Section BoundedOperator.
Variable R : realType.
Local Notation C := R[i].
Variable V : lmodType C.
Variable ip : V -> V -> C.
Hypothesis hilbert : is_hilbert ip.
Local Notation hn := (hnorm ip).
Variable T : V -> V.
Hypothesis T_linear : forall a x y, T (a *: x + y) = a *: T x + T y.
Hypothesis T_bounded : exists M, forall x, hn (T x) <= M * hn x.

Lemma linopD x y : T (x + y) = T x + T y.
Proof. by rewrite -[x]scale1r T_linear !scale1r. Qed.

Lemma linop0 : T 0 = 0.
Proof. by apply: (addrI (T 0)); rewrite -linopD !addr0. Qed.

Lemma linopZ a x : T (a *: x) = a *: T x.
Proof. by rewrite -[a *: x]addr0 T_linear linop0 addr0. Qed.

Lemma linopB x y : T (x - y) = T x - T y.
Proof. by rewrite linopD -scaleN1r linopZ scaleN1r. Qed.

Definition opnorm : R := sup [set hn (T x) | x in [set x | hn x <= 1]].

Lemma opnorm_has_sup : has_sup [set hn (T x) | x in [set x | hn x <= 1]].
Proof.
split; first by exists (hn (T 0)), 0 => //=; rewrite (hnorm0 hilbert).
have [M HM] := T_bounded; exists `|M| => _ [x x1 <-].
apply: le_trans (HM x) _; apply: le_trans (_ : `|M| * hn x <= _).
  by apply: ler_wpM2r; [exact: hnorm_ge0 | exact: ler_norm].
by rewrite -[X in _ <= X]mulr1; apply: ler_wpM2l.
Qed.

Lemma opnorm_ub x : hn x <= 1 -> hn (T x) <= opnorm.
Proof. by move=> x1; apply: sup_upper_bound opnorm_has_sup _ _; exists x. Qed.

Lemma opnorm_ge0 : 0 <= opnorm.
Proof. by have := @opnorm_ub 0; rewrite linop0 (hnorm0 hilbert); apply. Qed.

Lemma hnorm_linop_le x : hn (T x) <= opnorm * hn x.
Proof.
have [x0|x0] := eqVneq (hn x) 0.
  by rewrite (hnorm_eq0 hilbert x0) linop0 (hnorm0 hilbert) mulr0.
have xp : 0 < hn x by rewrite lt_def x0 hnorm_ge0.
have hx1 : cnorm ((hn x)^-1)%:C = (hn x)^-1.
  by rewrite cnormR ger0_norm // invr_ge0 hnorm_ge0.
have := @opnorm_ub (((hn x)^-1)%:C *: x).
rewrite linopZ !(hnormZ hilbert) hx1 mulVf // lexx => /(_ isT).
by rewrite ler_pdivrMl // mulrC.
Qed.

(* Sokal's lemma: since [T xi] is the half difference of [T (x + xi)] and
   [T (x - xi)], one of [x +- xi] sees at least the norm of [T xi]. *)
Lemma sokal x r : 0 < r ->
  exists x', hn (x' - x) <= r /\ 2 / 3 * r * opnorm <= hn (T x').
Proof.
move=> r0; have [o0|opos] := leP opnorm 0.
  exists x; rewrite subrr (hnorm0 hilbert); split; first exact: ltW.
  by have := hnorm_ge0 ip (T x); nra.
have [_ [u u1 <-] Hu] := sup_adherent (divr_gt0 opos (ltr0Sn _ 2)) opnorm_has_sup.
have hr : cnorm r%:C = r by rewrite cnormR gtr0_norm.
set xi := r%:C *: u.
have hxi : hn xi <= r.
  by rewrite (hnormZ hilbert) hr -[X in _ <= X]mulr1 ler_wpM2l // ltW.
have hTxi : 2 / 3 * r * opnorm <= hn (T xi).
  rewrite linopZ (hnormZ hilbert) hr mulrAC [X in _ <= X]mulrC ler_pM2r //.
  by move: Hu; rewrite -/opnorm; lra.
have twice : hn (T xi) *+ 2 <= hn (T (x + xi)) + hn (T (x - xi)).
  rewrite -mulr_natl -cnorm_nat -(hnormZ hilbert) scaler_nat mulr2n.
  have -> : T xi + T xi = T (x + xi) - T (x - xi).
    by rewrite linopD linopB opprB [in RHS]addrC [in RHS]addrA subrK.
  by rewrite -(hnorm_opp hilbert (T (x - xi))); exact: ler_hnormD.
have [h|h] := leP (hn (T xi)) (hn (T (x + xi))).
  by exists (x + xi); rewrite addrAC subrr add0r; split => //; exact: le_trans h.
exists (x - xi); rewrite addrAC subrr add0r (hnorm_opp hilbert); split => //.
by apply: le_trans hTxi _; move: twice; rewrite mulr2n; lra.
Qed.

End BoundedOperator.

Section UniformBoundedness.
Variable R : realType.
Local Notation C := R[i].
Variable V : lmodType C.
Variable ip : V -> V -> C.
Hypothesis hilbert : is_hilbert ip.
Local Notation hn := (hnorm ip).
Variable T : nat -> V -> V.
Hypothesis T_linear : forall n a x y, T n (a *: x + y) = a *: T n x + T n y.
Hypothesis T_bounded : forall n, exists M, forall x, hn (T n x) <= M * hn x.

(* The orbit point is the limit of successive Sokal corrections of size [3^-n]. *)
Lemma exists_unbounded_orbit :
  (forall n, 6 * 3 ^+ n * n.+1%:R < opnorm ip (T n)) ->
  exists x, forall n, n.+1%:R < hn (T n x).
Proof.
move=> big; set q : R := 3^-1.
have q_gt0 : 0 < q by rewrite invr_gt0.
have /choice[step stepP] : forall kx : nat * V, exists x',
    hn (x' - kx.2) <= q ^+ kx.1 /\ 2 / 3 * q ^+ kx.1 * opnorm ip (T kx.1) <= hn (T kx.1 x').
  by case=> k x; apply: (sokal hilbert (T_linear k) (T_bounded k)); exact: exprn_gt0.
pose xs := fix xs n := if n is k.+1 then step (k, xs k) else 0.
have [||l Hl] := @geometric_limit _ _ _ hilbert xs q (ltW q_gt0).
- by rewrite invf_lt1 // ltr1n.
- by move=> k; exact: (proj1 (stepP (k, xs k))).
exists l => k; have /(_ (k, xs k)) [_ /= far] := stepP.
set o := opnorm ip (T k) in far.
have o_ge0 : 0 <= o := opnorm_ge0 hilbert (T_linear k) (T_bounded k).
have near : hn (T k (xs k.+1) - T k l) <= o * (q ^+ k / 2).
  rewrite -(linopB (T_linear k)).
  apply: le_trans (hnorm_linop_le hilbert (T_linear k) (T_bounded k) _) _.
  apply: ler_wpM2l => //; rewrite (hnorm_distC hilbert).
  by have := Hl k.+1; rewrite exprS /q; lra.
have := lerB_hnorm hilbert (T k (xs k.+1)) (T k l).
have q3 : q ^+ k * 3 ^+ k = 1 by rewrite /q exprVn mulVf // expf_neq0 // pnatr_eq0.
have : 6 * 3 ^+ k * k.+1%:R * q ^+ k < o * q ^+ k.
  by rewrite ltr_pM2r; [exact: big | exact: exprn_gt0].
have -> : 6 * 3 ^+ k * k.+1%:R * q ^+ k = 6 * k.+1%:R.
  by rewrite -[RHS]mulr1 -[X in _ = _ * X]q3; ring.
by move: far near; nra.
Qed.
(* Let $n\ge 1$, $d_1,\dots,d_n\ge 1$, $L_i\in\mathbb{C}^{d_i\times d_i}$ ($i=1,\dots,n$) and $C_{i,i-1}\in\mathbb{C}^{d_i\times d_{i-1}}$ ($i=2,\dots,n$). Assume: (i) each $L_i$ is invertible and diagonalizable, $L_iV_i=V_i\Lambda_i$ with $V_i$ invertible and $\Lambda_i=\mathrm{diag}(\lambda_{i,1},\dots,\lambda_{i,d_i})$; (ii) $\sigma(L_i)\cap\sigma(L_j)=\emptyset$ for all $i\neq j$; (iii) $\|L_1\|<\|L_2\|<\cdots<\|L_n\|\le 1$. Then for every $i\in\{1,\dots,n\}$, $s_i\in\{1,\dots,d_i\}$, $x=(x_1,\dots,x_n)\in\mathbb{C}^{d_1}\times\cdots\times\mathbb{C}^{d_n}$ and $t\in\mathbb{N}$, $$\big|\Psi_{i,s_i}(\mathsf{Lin}^{\circ t}(x))-\Psi_{i,s_i}(\mathsf{Nom}^{\circ t}(\mathsf{pert}(x)))\big|\le\|\psi_{i,s_i}\|\sum_{j=1}^{i-1}\|D_{i,j}\|\,\big\|L_j^t\,\mathsf{pert}_j(x_1,\dots,x_j)\big\|,$$ and $$\lim_{t\to\infty}\frac{\big|\Psi_{i,s_i}(\mathsf{Lin}^{\circ t}(x))-\Psi_{i,s_i}(\mathsf{Nom}^{\circ t}(\mathsf{pert}(x)))\big|}{\|L_i\|^t}=0.$$ (Equivalently, in Koopman notation, $|(\mathcal U_{\mathsf{Lin}}^{\circ t}\Psi_{i,s_i})(x)-(\mathcal U_{\mathsf{Nom}}^{\circ t}\Psi_{i,s_i})(\mathsf{pert}(x))|$ obeys these bounds, where $\mathcal U_F f=f\circ F$.)
   Context: Each $\mathbb{C}^{d_i}$ carries a fixed norm $\|\cdot\|$, matrices carry the induced operator norm. The linear chained cascade map is $\mathsf{Lin}(x_1,\dots,x_n)=(L_1x_1,\;L_2x_2+C_{2,1}x_1,\;\dots,\;L_nx_n+C_{n,n-1}x_{n-1})$, the nominal map is $\mathsf{Nom}(x_1,\dots,x_n)=(L_1x_1,\dots,L_nx_n)$, and $\mathsf{F}^{\circ t}$ is the $t$-fold iterate. The principal eigenfunction $\psi_{i,s}:\mathbb{C}^{d_i}\to\mathbb{C}$ is $\psi_{i,s}(x_i)=\hat e_s^{*}V_i^{-1}x_i$, where $\hat e_s$ is the $s$-th standard basis vector of $\mathbb{C}^{d_i}$; $\|\psi_{i,s}\|$ is its norm as a linear functional on $(\mathbb{C}^{d_i},\|\cdot\|)$; and $\Psi_{i,s}(x_1,\dots,x_n)=\psi_{i,s}(x_i)$ is its trivial extension to $\mathbb{C}^{d_1}\times\cdots\times\mathbb{C}^{d_n}$. Matrices $D_{i,j}$ ($1\le j\le i\le n$) are defined recursively in $i$: $D_{i,i}=I_{d_i}$; for $i\ge 2$, $1\le j\le i-1$, $[\tilde C_{i,j}]_{\ell,m}=[V_i^{-1}C_{i,i-1}D_{i-1,j}V_j]_{\ell,m}(1-\lambda_{j,m}/\lambda_{i,\ell})^{-1}$ and $D_{i,j}=L_i^{-1}V_i\tilde C_{i,j}V_j^{-1}$. Define $\mathsf{pert}_1(x_1)=x_1$, $\mathsf{pert}_i(x_1,\dots,x_i)=x_i+\sum_{j=1}^{i-1}(-1)^{i-1-j}D_{i,j}\mathsf{pert}_j(x_1,\dots,x_j)$ for $i\ge2$, and $\mathsf{pert}(x)=(\mathsf{pert}_1(x_1),\dots,\mathsf{pert}_n(x_1,\dots,x_n))$. *)

(* R : realType, complex numbers C := R[i] (mathcomp-real-closed),
   limits from MathComp-Analysis. Blocks are indexed 0-based by nat: block i here
   is block i+1 of the paper. *)
From HB Require Import structures.
From mathcomp Require Import all_boot all_order all_algebra.
From mathcomp Require Import complex.
From mathcomp Require Import all_classical all_reals topology normedtype sequences.

Set Implicit Arguments.
Unset Strict Implicit.
Unset Printing Implicit Defensive.

Import Order.TTheory GRing.Theory Num.Theory.
Local Open Scope ring_scope.
Local Open Scope classical_set_scope.

Section CascadeDefs.
Variable R : realType.
Local Notation C := R[i].

Definition cmod (z : C) : R := Normc.normc z.

Definition is_norm (k : nat) (N : 'cV[C]_k -> R) : Prop :=
  [/\ forall x, N x = 0 -> x = 0,
      forall (a : C) x, N (a *: x) = cmod a * N x &
      forall x y, N (x + y) <= N x + N y].

Definition opnorm (m k : nat) (Nm : 'cV[C]_m -> R) (Nk : 'cV[C]_k -> R)
  (A : 'M[C]_(m, k)) : R :=
  sup [set Nm (A *m x) | x in [set x : 'cV[C]_k | Nk x <= 1]].

Definition fnorm (k : nat) (Nk : 'cV[C]_k -> R) (f : 'cV[C]_k -> C) : R :=
  sup [set cmod (f x) | x in [set x : 'cV[C]_k | Nk x <= 1]].

Definition psi (k : nat) (V : 'M[C]_k) (s : 'I_k) (y : 'cV[C]_k) : C :=
  (invmx V *m y) s ord0.

Variable d : nat -> nat.
Variable L : forall i, 'M[C]_(d i).
(* Cc i is the paper's C_{i+2,i+1} : C^{d_{i+1}} -> C^{d_{i+2}} (coupling block i -> i+1) *)
Variable Cc : forall i, 'M[C]_(d i.+1, d i).
Variable V : forall i, 'M[C]_(d i).
Variable lam : forall i, 'rV[C]_(d i).

Definition state := forall i, 'cV[C]_(d i).

Definition Lin (x : state) : state := fun i =>
  match i return 'cV[C]_(d i) with
  | 0 => L 0 *m x 0
  | i'.+1 => L i'.+1 *m x i'.+1 + Cc i' *m x i'
  end.

Definition Nom (x : state) : state := fun i => L i *m x i.

Definition Psi (i : nat) (s : 'I_(d i)) (x : state) : C := psi (V i) s (x i).

(* identity matrix when j = i (zero otherwise; only used with j = i) *)
Definition idm (i j : nat) : 'M[C]_(d i, d j) :=
  \matrix_(l, m) ((j == i) && (l == m :> nat))%:R.

Fixpoint Dm (i j : nat) {struct i} : 'M[C]_(d i, d j) :=
  match i return 'M[C]_(d i, d j) with
  | 0 => idm 0 j
  | i'.+1 =>
      if (j < i'.+1)%N then
        invmx (L i'.+1) *m V i'.+1 *m
        (\matrix_(l, m)
           ((invmx (V i'.+1) *m Cc i' *m Dm i' j *m V j) l m
             * (1 - lam j ord0 m / lam i'.+1 ord0 l)^-1))
        *m invmx (V j)
      else idm i'.+1 j
  end.

(* pertF x f i = pert_i(x) as soon as f >= i (fuel-based strong recursion) *)
Fixpoint pertF (x : state) (f i : nat) {struct f} : 'cV[C]_(d i) :=
  match f with
  | 0 => x i
  | f'.+1 => x i + \sum_(j < i) ((-1) ^+ (i - j.+1)%N) *: (Dm i j *m pertF x f' j)
  end.

Definition pert (x : state) : state := fun i => pertF x i i.

End CascadeDefs.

--- --- ---

* Work order
What is asked for is an exact copy of the lines above from the one containing "by rewrite -(hnorm_opp" through the one containing "Hypothesis T_linear : forall n", and only those.

* Answer for the task
  by rewrite -(hnorm_opp hilbert (T (x - xi))); exact: ler_hnormD.
have [h|h] := leP (hn (T xi)) (hn (T (x + xi))).
  by exists (x + xi); rewrite addrAC subrr add0r; split => //; exact: le_trans h.
exists (x - xi); rewrite addrAC subrr add0r (hnorm_opp hilbert); split => //.
by apply: le_trans hTxi _; move: twice; rewrite mulr2n; lra.
Qed.

End BoundedOperator.

Section UniformBoundedness.
Variable R : realType.
Local Notation C := R[i].
Variable V : lmodType C.
Variable ip : V -> V -> C.
Hypothesis hilbert : is_hilbert ip.
Local Notation hn := (hnorm ip).
Variable T : nat -> V -> V.
Hypothesis T_linear : forall n a x y, T n (a *: x + y) = a *: T n x + T n y.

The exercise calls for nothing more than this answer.